For that first split 25 as
25 = 16 + 9 = 4² + 3²
So, by Pythagoras’ Theorem, if we draw a right triangle with perpendicular sides 4 and 3 cm, then the area of the square on the hypotenuse is 25 sq.cm.
What about a square of area 16 square centimetres?
Here 16 cannot be written as sum of squares of two natural numbers. So we cannot draw the square using this method.
So let’s consider another method,
According to Pythagoras’ Theorem, if the area of the square on the hypotenuse of a right triangle is subtracted from the square on another side, the area on the third side is obtained.
So, for this we can split 16 as difference of two squares:
16= 25 – 9 = 5² – 3²
So, if we draw a right triangle with a hypotenuse of 5 centimetres and another side of 3 centimetres then the area of the square on the third side would be 16 square centimetres
To draw such a triangle follow the steps given below:
- Draw a line 3 centimetres long and the perpendicular at one end.
- Draw a piece of the circle centered at the other end of the line, with radius 5 centimetres.

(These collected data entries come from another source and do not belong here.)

Lemma qorthogonality (j k N : nat) : (j < N)%nat -> (k < N)%nat ->
  rsum N (fun m => q ^ (j * m) * qpoch (/ q ^ j) q m * qpoch (/ q ^ m) q k / qpoch q q m)
  = if Nat.eqb j k then qpoch q q k / q ^ k else 0.
Proof.
  intros Hj Hk.
  rewrite (rsum_ext _ _ (fun m => qtri q m * qbinom q j m * qpoch (/ q ^ m) q k)).
  2:{ intros m _. rewrite qpoch_qinv, pow_inv, <- pow_mult.
      pose proof (qfact_pos m). pose proof (qpow_pos (j * m)). field. lra. }
  destruct (Nat.eqb_spec j k) as [<-|Hjk]; [|destruct (Nat.lt_ge_cases j k) as [Hlt|Hge]].
  - (* Only m = j contributes: [j m] = 0 for m > j and (q^(-m);q)_j = 0 for m < j. *)
    rewrite (rsum_single N j); [|exact Hj|].
    2:{ intros m _ Hmj. destruct (Nat.lt_ge_cases j m).
        - rewrite qbinom_gt by auto. ring.
        - rewrite qpoch_qinv_vanish by lia. ring. }
    rewrite qbinom_diag, qpoch_qinv, qbinom_diag, pow_inv, <- pow_mult, <- (qtri_sq q j).
    pose proof (qpow_pos j). pose proof (qpow_pos (j * j)).
    assert (qtri q j <> 0) by (intro E; rewrite <- (qtri_sq q j), E in *; lra).
    field. lra.
  - apply rsum_eq0. intros m _. destruct (Nat.lt_ge_cases j m).
    + rewrite qbinom_gt by auto. ring.
    + rewrite qpoch_qinv_vanish by lia. ring.
  - (* Expanding (q^(-m);q)_k = sum_t [k t] qtri t q^(-mt) and summing over m
       first produces (q^(-t);q)_j, which vanishes since t <= k < j. *)
    rewrite (rsum_ext _ _ (fun m => rsum (S k) (fun t => qbinom q k t * qtri q t
                                   * (qtri q m * qbinom q j m * (/ q ^ t) ^ m)))).
    2:{ intros m _. rewrite <- (qbinomial_theorem q k (S k)), rsum_scal by lia.
        apply rsum_ext. intros t _. rewrite !pow_inv, <- !pow_mult, Nat.mul_comm. ring. }
    rewrite rsum_swap. apply rsum_eq0. intros t Ht.
    rewrite <- rsum_scal.
    rewrite (rsum_ext _ _ (fun m => qbinom q j m * qtri q m * (/ q ^ t) ^ m)) by (intros; ring).
    rewrite qbinomial_theorem, qpoch_qinv_vanish by lia. ring.
Qed.

Definition qhankel (a : R) (j k : nat) : R := qpoch a q (j + k).

Definition qhankel_inv (a : R) (n j k : nat) : R :=
  rsum (S n) (fun m => q ^ (j + k) * qpoch a q m * qpoch (/ q ^ m) q j * qpoch (/ q ^ m) q k
    / (qpoch q q j * qpoch q q k * qpoch a q j * qpoch a q k * qpoch q q m * a ^ m)).

Lemma qhankel_sym (a : R) (j k : nat) : qhankel a j k = qhankel a k j.
Proof. unfold qhankel. now rewrite Nat.add_comm. Qed.

Lemma qhankel_inv_sym (a : R) (n j k : nat) : qhankel_inv a n j k = qhankel_inv a n k j.
Proof.
  unfold qhankel_inv. apply rsum_ext. intros m _.
  rewrite (Nat.add_comm j k). unfold Rdiv. f_equal; [ring | f_equal; ring].
Qed.

(* Product of the Hankel matrix with its claimed inverse, for any 0 < a < 1:
   sum over i first by q-Chu-Vandermonde, then over m by orthogonality. *)
Lemma qhankel_mul_inv (a : R) (n j k : nat) : 0 < a < 1 -> (j <= n)%nat -> (k <= n)%nat ->
  rsum (S n) (fun i => qhankel a j i * qhankel_inv a n i k) = if Nat.eqb j k then 1 else 0.
Proof.
  intros Ha Hj Hk. unfold qhankel, qhankel_inv.
  pose proof (qfact_pos k) as Hqk. pose proof (qpoch_pos a q k Ha Hq) as Hak.
  set (C := fun m => q ^ k * qpoch a q m * qpoch (/ q ^ m) q k
                     / (qpoch q q k * qpoch a q k * qpoch q q m * a ^ m)).
  rewrite (rsum_ext _ _ (fun i => rsum (S n) (fun m => C m
     * (qpoch a q (j + i) * (q ^ i * qpoch (/ q ^ m) q i / (qpoch q q i * qpoch a q i)))))).
  2:{ intros i _. rewrite rsum_scal. apply rsum_ext. intros m _. unfold C.
      pose proof (qfact_pos i). pose proof (qfact_pos m). pose proof (qpoch_pos a q i Ha Hq).
      pose proof (qpoch_pos a q m Ha Hq). pose proof (pow_lt a m (proj1 Ha)).
      rewrite pow_add. field. repeat split; lra. }
  rewrite rsum_swap.
  rewrite (rsum_ext _ _ (fun m => qpoch a q j * q ^ k / (qpoch q q k * qpoch a q k)
     * (q ^ (j * m) * qpoch (/ q ^ j) q m * qpoch (/ q ^ m) q k / qpoch q q m))).
  2:{ intros m Hm. rewrite <- rsum_scal, qchu_vandermonde by assumption. unfold C.
      pose proof (qfact_pos m). pose proof (qpoch_pos a q m Ha Hq).
      pose proof (pow_lt a m (proj1 Ha)). field. repeat split; lra. }
  rewrite <- rsum_scal, qorthogonality by lia.
  destruct (Nat.eqb_spec j k) as [<-|_]; [|ring].
  pose proof (qpow_pos j). field. repeat split; lra.
Qed.

End PositiveBase.

Lemma Rpower_opp_nat (x : R) (m : nat) : 0 < x -> Rpower x (- INR m) = / x ^ m.
Proof. intros Hx. now rewrite Rpower_Ropp, Rpower_pow. Qed.

Lemma Rpower_mult_nat (x y : R) (m : nat) : 0 < x -> Rpower x (y * INR m) = Rpower x y ^ m.
Proof. intros Hx. rewrite <- Rpower_mult. apply Rpower_pow, exp_pos. Qed.

Lemma Rpower_in_unit (q y : R) : 0 < q < 1 -> 0 < y -> 0 < Rpower q y < 1.
Proof.
  intros Hq Hy. split; [apply exp_pos|].
  pose proof (Rlt_Rpower_l q 1 y Hy ltac:(lra)) as Hlt.
  unfold Rpower at 2 in Hlt. now rewrite ln_1, Rmult_0_r, exp_0 in Hlt.
Qed.

Theorem mainTheorem12 (q alpha : R) (n : nat) :
  0 < q < 1 -> alpha > -1 ->
  is_inverse_matrix n
    (fun j k => qpoch (Rpower q (alpha + 1)) q (j + k))
    (fun j k => sum_f_R0 (fun m =>
        q ^ (j + k) * qpoch (Rpower q (alpha + 1)) q m
          * qpoch (Rpower q (- INR m)) q j * qpoch (Rpower q (- INR m)) q k
        / (qpoch q q j * qpoch q q k
           * qpoch (Rpower q (alpha + 1)) q j * qpoch (Rpower q (alpha + 1)) q k
           * qpoch q q m * Rpower q ((alpha + 1) * INR m))) n).
Proof.
  intros Hq Halpha.
  pose proof (Rpower_in_unit q (alpha + 1) Hq ltac:(lra)) as Ha.
  set (a := Rpower q (alpha + 1)) in *.
  apply (is_inverse_matrix_ext n _ (qhankel q a) _ (qhankel_inv q a n)).
  - intros j k _ _. reflexivity.
  - intros j k _ _. unfold qhankel_inv. rewrite sum_f_R0_rsum. apply rsum_ext.
    intros m _. rewrite Rpower_opp_nat, Rpower_mult_nat by lra. reflexivity.
  - apply is_inverse_of_symmetric; [apply qhankel_sym | apply qhankel_inv_sym|].
    intros j k Hj Hk. rewrite sum_f_R0_rsum. now apply qhankel_mul_inv.
Qed.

The point where this circle meets the perpendicular is the third vertex of the triangle.
Line Math
The area of a square is the square of the length of its side; so, Pythagoras’ Theorem can also be stated as a relation between the sides of a right triangle:
The square of the hypotenuse of a right triangle is the sum of the squares of its perpendicular sides.
For example,
If the perpendicular sides of a right triangle are 3 centimetres and 4 centimetres, then the square of its hypotenuse is
3² + 4² = 25
So, the hypotenuse of this triangle is 5 centimetres
- The area of a (geometrical) square is the (arithmetical) square of its sides.
- If we want to just draw a square with double the area of another, we need just draw the square with the diagonal as side.
- The longest side of a right triangle is called its hypotenuse.
- The area of the square on the hypotenuse of a right triangle is equal to the sum of the areas of the squares on the perpendicular sides. This results is known as the Pythagoras’ Theorem.
- The square of the hypotenuse of a right triangle is the sum of the squares of its perpendicular sides.